I’ve skipped over other benefits of QlikView; it really is a very rich and well thought out system. Perhaps I’ll write about them some other time. The key point for now is that people need to understand QlikView using a fundamentally different database technology, one that hugely simplifies application development by making the normal database design tasks unnecessary. The fantastic claims for QlikTech only become plausible once you recognize that this difference is what makes them possible.

(disclaimer: although Client X Client is a QlikTech reseller, they have no responsibility for the contents of this blog.)

Thursday, August 02, 2007

Notes from the QlikTech Underground

You may have noticed that I haven’t been posting recently.

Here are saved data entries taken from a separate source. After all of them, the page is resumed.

Lemma horner_ncline_poly k (U V : 'I_k -> M) P (t : R) :
  (ncline_poly U V P).[t%:M] = nceval (fun i => U i + t *: V i) P.
Proof.
elim: P => /= [c|i|p IH|p IHp q IHq|p IHp q IHq].
- by rewrite hornerC.
- by rewrite hornerD hornerC hornerMX hornerC -mulmxE mul_mx_scalar.
- by rewrite hornerN IH.
- by rewrite hornerD IHp IHq.
(* Evaluation at t%:M is multiplicative because scalar matrices are central. *)
- rewrite hornerM_comm ?IHp ?IHq ?mulmxE //.
  by apply/esym/scalar_mxC.
Qed.

Lemma horner_scalar_mxE (q : {poly M}) (t : R) i j :
  q.[t%:M] i j = (\poly_(l < size q) q`_l i j).[t].
Proof.
rewrite horner_coef horner_poly summxE; apply: eq_bigr => l _.
by rewrite scalar_mxX -mulmxE mul_mx_scalar mxE mulrC.
Qed.

Lemma nceval_line_eq0 k (P : ncpoly k) (U V : 'I_k -> M) (d : R) : 0 < d ->
  (forall t, 0 < t < d -> nceval (fun i => U i + t *: V i) P = 0) ->
  forall t, nceval (fun i => U i + t *: V i) P = 0.
Proof.
move=> d_gt0 line_eq0 t; rewrite -horner_ncline_poly.
apply/matrixP => i j; rewrite horner_scalar_mxE mxE.
suff -> : \poly_(l < size (ncline_poly U V P)) (ncline_poly U V P)`_l i j = 0.
  by rewrite horner0.
apply: (poly_itv_eq0 d_gt0) => s s_itv.
by rewrite -horner_scalar_mxE horner_ncline_poly line_eq0 // mxE.
Qed.

Definition nc_identity (P : ncpoly 2) :=
  forall C0 C1 : M, nceval (pair_env C0 C1) P = 0.

Lemma weakly_algebraic_of_pair (A : M) (P : ncpoly 2) : ~ nc_identity P ->
  (forall B, nceval (pair_env B (A - B)) P = 0) -> weakly_algebraic A.
Proof.
move=> P_nonid P_eq0; have /existsNP [C0 /existsNP [C1 PC]] := P_nonid.
pose swap (i : 'I_2) : ncpoly 2 := if val i == 0%N then NCvar ord_max
  else NCadd (NCvar ord0) (NCopp (NCvar ord_max)).
exists 1%N, (ncsubst swap P); split.
  move=> X X0A; rewrite nceval_subst -(P_eq0 (X ord_max)).
  apply: nceval_ext => i; rewrite /pair_env /swap.
  by case: (val i == 0%N) => //=; rewrite X0A.
exists (pair_env (C0 + C1) C0); apply/eqP.
rewrite nceval_subst (@nceval_ext _ _ (pair_env C0 C1)) // => i.
rewrite /pair_env /swap; case: (val i == 0%N) => //=.
by rewrite addrAC subrr add0r.
Qed.

Lemma pair_env_line (A B D : M) (t : R) i :
  pair_env B (A - B) i + t *: pair_env D (- D) i =
  pair_env (B + t *: D) (A - (B + t *: D)) i.
Proof.
by rewrite /pair_env; case: (val i == 0%N); rewrite // scalerN opprD addrA.
Qed.

Lemma nceval_pair_ball_eq0 (A B0 : M) (e : R) (P : ncpoly 2) : 0 < e ->
  (forall B, ball B0 e B -> nceval (pair_env B (A - B)) P = 0) ->
  forall B, nceval (pair_env B (A - B)) P = 0.
Proof.
move=> e_gt0 ball_eq0 B; pose D := B - B0.
have d_gt0 : 0 < e / (`|D| + 1) by rewrite divr_gt0 // ltr_wpDl.
have line_eq0 t : 0 < t < e / (`|D| + 1) ->
    nceval (fun i => pair_env B0 (A - B0) i + t *: pair_env D (- D) i) P = 0.
  move=> /andP [t_gt0 t_lt]; rewrite (nceval_ext _ (pair_env_line A B0 D t)).
  apply: ball_eq0; rewrite -ball_normE /= opprD addrA subrr sub0r normrN.
  rewrite normrZ gtr0_norm //; apply: le_lt_trans (_ : t * (`|D| + 1) < e).
    by rewrite ler_pM2l // lerDl.
  by rewrite -ltr_pdivlMr // ltr_wpDl.
have := nceval_line_eq0 d_gt0 line_eq0 1.
by rewrite (nceval_ext _ (pair_env_line A B0 D 1)) scale1r /D addrC subrK.
Qed.

Definition indep_set (A : M) (P : ncpoly 2) : set M :=
  [set B | nceval (pair_env B (A - B)) P = 0 -> nc_identity P].

Lemma open_indep_set (A : M) P : open (indep_set A P).
Proof.
have [P_id|P_nonid] := pselect (nc_identity P).
  have -> : indep_set A P = setT by apply/seteqP; split => // B _ _.
  exact: openT.
have -> : indep_set A P = [set B | nceval (pair_env B (A - B)) P != 0].
  apply/seteqP; split => B /=; first by move=> h; apply/eqP => /h/P_nonid.
  by move=> /eqP PB /PB.
apply: (open_neq0 (f := fun B => nceval (pair_env B (A - B)) P)).
apply: continuous_nceval => i; rewrite /pair_env; case: (val i == 0%N).
  by move=> x; exact: cvg_id.
exact: continuous_subr.
Qed.

Lemma dense_indep_set (A : M) P :
  ~ weakly_algebraic A -> dense (indep_set A P).
Proof.
move=> A_nonalg; apply: ball_dense => B0 e e_gt0.
have [P_id|P_nonid] := pselect (nc_identity P).
  by exists B0 => //; exact: ballxx.
apply: contra_notP A_nonalg => no_indep.
apply: (weakly_algebraic_of_pair P_nonid) (nceval_pair_ball_eq0 e_gt0 _).
move=> B B0eB; apply: contra_notP no_indep => PB.
by exists B; [exact: B0eB | move=> /PB].
Qed.

Definition no_int_relation (qp : intcol * intcol) : set M :=
  [set B | ~~ ((qp.1 == 0) && (qp.2 == 0)) ->
           B *m intvec R qp.1 - intvec R qp.2 != 0].

Definition liouville_approx (N : nat) : set M :=
  [set B | exists p q : intcol, q != 0 /\
     supnorm (B *m intvec R q - intvec R p) < supnorm (intvec R q) ^- N].

Definition liouville_cond (i : (intcol * intcol) + nat) : set M :=
  match i with inl qp => no_int_relation qp | inr N => liouville_approx N end.

Lemma liouville_condP (B : M) : (forall i, liouville_cond i B) -> liouville B.
Proof.
by move=> h; split => [q p|N]; [exact: (h (inl (q, p))) | exact: (h (inr N))].
Qed.

Lemma open_no_int_relation qp : open (no_int_relation qp).
Proof.
case: qp => q p; have [qp0|qp_neq0] := boolP ((q == 0) && (p == 0)).
  have -> : no_int_relation (q, p) = setT.
    by apply/seteqP; split => [//|B _]; rewrite /no_int_relation /= qp0.
  exact: openT.
have -> : no_int_relation (q, p) =
    [set B | B *m intvec R q - intvec R p != 0].
  by apply/seteqP; split => B /=; [apply | move=> ? _].
apply: (open_neq0 (f := fun B : M => B *m intvec R q - intvec R p)).
exact: continuous_mulmxr_sub.
Qed.

(* Adding e/2 to the entry (0, j) with q_j <> 0 moves B q by (e/2) q_j. *)
Lemma dense_no_int_relation qp : dense (no_int_relation qp).
Proof.
apply: ball_dense => B0 e e_gt0; case: qp => q p.
have [rel|no_rel] := eqVneq (B0 *m intvec R q - intvec R p) 0; last first.
  by exists B0 => //; exact: ballxx.
have [q0|/matrix0Pn [j [k]]] := eqVneq q 0.
  exists B0 => [|/=]; first exact: ballxx.
  have intvec0 : intvec R (0 : intcol) = 0 by apply/eqP; rewrite intvec_eq0.
  move: rel; rewrite q0 intvec0 mulmx0 sub0r => /eqP.
  by rewrite oppr_eq0 intvec_eq0 => /eqP ->; rewrite /no_int_relation /= eqxx.
rewrite (ord1 k) => qj_neq0.
exists (B0 + (e / 2) *: delta_mx 0 j) => [|_ /=].
  apply: ball_mx_entrywise => // a b.
  rewrite !mxE opprD addrA subrr sub0r normrN normrM.
  rewrite ger0_norm ?divr_ge0 ?(ltW e_gt0) //.
  apply: (@le_lt_trans _ _ (e / 2)).
    rewrite ler_piMr ?divr_ge0 ?(ltW e_gt0) //.
    by case: (_ && _); rewrite ?normr1 ?normr0.
  by rewrite ltr_pdivrMr // ltr_pMr // ltr1n.
rewrite mulmxDl addrAC rel add0r -scalemxAl.
apply/negP => /eqP/matrixP/(_ 0 0); rewrite !mxE => /eqP.
rewrite mulf_eq0 gt_eqF ?divr_gt0 //= (bigD1 j) //= big1 ?addr0.
  by rewrite !mxE !eqxx mul1r intr_eq0 (negbTE qj_neq0).
by move=> l /negbTE l_neq_j; rewrite !mxE l_neq_j andbF mul0r.
Qed.

Lemma open_liouville_approx N : open (liouville_approx N).
Proof.
rewrite openE => B [p [q [q_neq0 Bqp]]].
have near_B : nbhs B [set B' : M |
    supnorm (B' *m intvec R q - intvec R p) < supnorm (intvec R q) ^- N].
  apply: open_nbhs_nbhs; split => //.
  apply: (@open_comp _ _
    (fun B' : M => supnorm (B' *m intvec R q - intvec R p)) [set y | y < _]).
    by move=> B' _; apply: continuous_supnorm; exact: continuous_mulmxr_sub.
  exact: open_lt.
by apply: filterS near_B => B' B'qp; exists p, q.
Qed.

The reason is almost silly: I got to thinking about the suggestion in The Power Performance Grid that each person should identify a single measure most important to their success, and recognized that the number of blog posts certainly isn’t mine. (That may actually be a misinterpretation of the book’s message, but the damage is done.)

Plus, I’ve been busy with other things—in particular, a pilot QlikTech implementation at a Very Large Company that shall remain nameless. Results have been astonishing—we were able to deliver a cross sell analysis in hours that the client had been working on for years using conventional business intelligence technology. A client analyst, with no training beyond a written tutorial, was then able to extend that analysis with new reports, data views and drill-downs in an afternoon. Of course, it helped that the source data itself was already available, but QlikTech still removes a huge amount of effort from the delivery part of the process.

The IT world hasn’t quite recognized how revolutionary QlikTech is, but it’s starting to see the light: Gartner has begun covering them and there was a recent piece in InformationWeek. I’ll brag a bit and point out that my own coverage began much sooner: see my DM News review of July 2005 (written before we became resellers).

It will be interesting to watch the QlikTech story play out. There’s a theory that the big system integration consultancies won’t adopt QlikTech because it is too efficient: since projects that would have involved hundreds of billable hours can be completed in a day or two, the integrators won’t want to give up all that revenue. But I disagree for a couple of reasons: first of all, competitors (including internal IT) will start using QlikTech and the big firms will have to do the same to compete. Second, there is such a huge backlog of unmet needs for reporting systems that companies will still buy hundreds of hours of time; they’ll just get a lot more done for their money. Third, QlikTech will drive demand for technically-demanding data integration project to feed it information, and distribution infrastructures to use the results. These will still be big revenue generators for the integrators. So while the big integrators first reaction may be that QlikTech is a threat to their revenue, I’m pretty confident they’ll eventually see it gives them a way to deliver greater value to their clients and thus ultimately maintain or increase business volume.

I might post again tomorrow, but then I’ll be on vacation for two weeks. Enjoy the rest of the summer.